Après les 41 degrés enregistrés au pic de la canicule de fin juillet, le maire PS de Vitry-le-François (Marne) et président délégué de l'association des Eco Maires ne doute plus du "chaos climatique qui s'annonce" ni de la légitimité de son bras de fer avec Total.
Avec 13 villes dont Bayonne, Bègles, Grenoble ou Nanterre et quatre associations (Notre Affaire à Tous, les Eco Maires, Sherpa et Zea), Jean-Pierre Bouquet, 67 ans, presse le géant pétrolier d'agir pour limiter le réchauffement à 1,5° et de se mettre en conformité avec la loi de 2017 sur le devoir de vigilance.
"L'objectif de Total est de réduire de 15% ses émissions de gaz à effet de serre entre 2015 et 2025 après les avoir déjà réduits de 25% depuis 2010", rétorque le groupe en soulignant que "les émissions mondiales de Total représentent moins de 10% des émissions françaises".
Insuffisant pour les protestataires qui, après une rencontre en juin avec le président de Total Patrick Pouyanné, menacent désormais de porter l'affaire devant le tribunal de commerce de Nanterre dès le 19 septembre.
"C'est la seule façon d'obliger Total à réduire vraiment ses gaz à effet de serre et se mettre en conformité avec la loi et l'accord de Paris", argue Jean-Pierre Bouquet dans son bureau, non climatisé par conviction verte.
Le maire de Vitry-le-François est pourtant loin d'être un écologiste de la première heure. "Ma conversion, c'est un parcours...", reconnaît ce socialiste réputé Macron-compatible, qui n'exclut pas que sa ville de 12.500 habitants délibère sur l'urgence climatique dès cette rentrée.
"Je suis et reste social-démocrate. Mais la social-démocratie, trop imprégnée de court-terme et de productivisme, a raté le virage de l'écologie. Le modèle qu'on a connu a du plomb dans l'aile", ajoute-t-il.
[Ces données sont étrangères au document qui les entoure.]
(* Let $m$ be a positive integer and let $0\le a<m$ be an integer that is a sum of $3$ squares modulo $m$ (i.e. $z_1^2+z_2^2+z_3^2\equiv a\pmod m$ for some integers $z_i$). Then there exists a square-free integer $a'\in[1,5m]$ such that $a'$ is a sum of $3$ squares modulo $m$ and such that the following implication holds: if there exist a constant $c>0$ and infinitely many positive integers $n'\equiv a' \pmod m$ with $r_3(n')\ge c\sqrt{n'}\log\log n'$, then there exist a constant $c'>0$ depending only on $c$ and $m$ and infinitely many positive integers $n\equiv a\pmod m$ with $r_3(n)\ge c'\sqrt{n}\log\log n$.
   Context: For a positive integer $n$, $r_3(n) := |\{(x,y,z)\in\mathbb{Z}^3 : x^2+y^2+z^2=n\}|$. *)

From Stdlib Require Import ZArith Reals List.
Import ListNotations.
Open Scope Z_scope.

Definition zrange (k : Z) : list Z :=
  map (fun i => Z.of_nat i - k) (seq 0 (Z.to_nat (2 * k + 1))).

(* r_3(n) = #{(x,y,z) in Z^3 : x^2+y^2+z^2 = n}.  Any solution has
   |x|,|y|,|z| <= n, so it suffices to search the box [-n,n]^3. *)
Definition r3 (n : Z) : nat :=
  length (filter (fun t : Z * Z * Z =>
                    let '(x, y, z) := t in Z.eqb (x*x + y*y + z*z) n)
                 (list_prod (list_prod (zrange n) (zrange n)) (zrange n))).

Definition sum3sq_mod (m a : Z) : Prop :=
  exists z1 z2 z3 : Z, (z1^2 + z2^2 + z3^2) mod m = a mod m.

Definition squarefree (a : Z) : Prop :=
  forall d : Z, (d * d | a) -> d * d = 1.

Definition inf_many_large (m b : Z) (c : R) : Prop :=
  forall N : Z, exists n : Z, N < n /\ 0 < n /\ n mod m = b mod m /\
    (INR (r3 n) >= c * sqrt (IZR n) * ln (ln (IZR n)))%R.

(* Write a = n (mod m) with n = z1^2 + z2^2 + z3^2 >= 1 and n = d^2 s, s squarefree; by
   Davenport-Cassels s is itself a sum of three integer squares.  Split m = M1 M2 coprimely
   so that M2 collects the primes dividing s and dividing m exactly once, and choose by CRT
   x in [1, m] with x = s (mod M1), x = 1 (mod M2).  No prime whose square divides x divides
   m, so x = e^2 a' with a' squarefree and e invertible mod m; hence a' is a sum of three
   squares mod m and K^2 a' = a (mod m) for some K in [1, m].  Finally
   r3(K^2 n') >= r3(n') and sqrt(K^2 n') loglog(K^2 n') <= 2 K sqrt(n') loglog(n') once
   n' >= max(K^2, 9), so the bound passes from the class of a' to that of a with the
   constant c / (2 m). *)

From Stdlib Require Import ZArith Reals List Lia Lra Psatz FinFun Znumtheory Classical.
Open Scope Z_scope.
Sa prise de conscience, il la date de son troisième mandat (2008-2014).
- "L'esprit saint" -
"Précisément de 2010 et de l'audit Plan climat air énergie territorial qui estimait le coût de l'inaction entre 37 et 142 millions d'euros par an, soit entre 1.500 et 6.000 euros par habitant", résume celui qui préside aussi la communauté de communes Vitry, Champagne et Der (35 communes, 25.510 habitants).
"Vitry, c'est davantage la fin du mois que la fin du monde", rétorque Michel Biard, opposant LR et maire de la ville de 2001 à 2008, en raillant "l'esprit saint qui semble être tombé sur Jean-Pierre Bouquet".
"Les Vitryats, ça leur passe complètement au-dessus de la tête", juge-t-il, considérant que la santé, l'économie et l'emploi restent les priorités dans une ville qui affiche encore un taux de chômage de 13%.
Son de cloche sensiblement identique du côté du Rassemblement national (44% aux dernières européennes dans la ville). "L'action contre Total, c'est de l'effet d'annonce et de l'enfumage", estime ainsi Pascal Erre, tête de liste RN aux municipales de mars prochain.
"Le maire actuel veut faire de la transition écologique la colonne vertébrale de son action parce qu'il n'a rien d'autre à proposer. Pour nous, c'est l'emploi et la sécurité", pense-t-il lui aussi.
Ces procès en insincérité n'empêchent pas Jean-Pierre Bouquet de mettre les bouchées doubles pour essayer d'atteindre, d'ici 2030, l'objectif d'un territoire "100% décarboné" où "chacun devient producteur d'électricité".
S'appuyant sur les milliers d’infatigables "agents municipaux" de biodiversité que représentent pour lui les abeilles des ruches implantées depuis une dizaine d'années dans cette ville sans pesticides, l'édile sait qu'il doit communiquer et convaincre s'il veut être réélu en 2020.
"L'action contre Total n'est pas déconnectée de ce qui se passe ici", insiste le maire de cette ville qui, ironie du sort, compte comme label "Patrimoine du XXe siècle"... une station-service Total imaginée dans les années 1970 par l'architecte Jean Prouvé.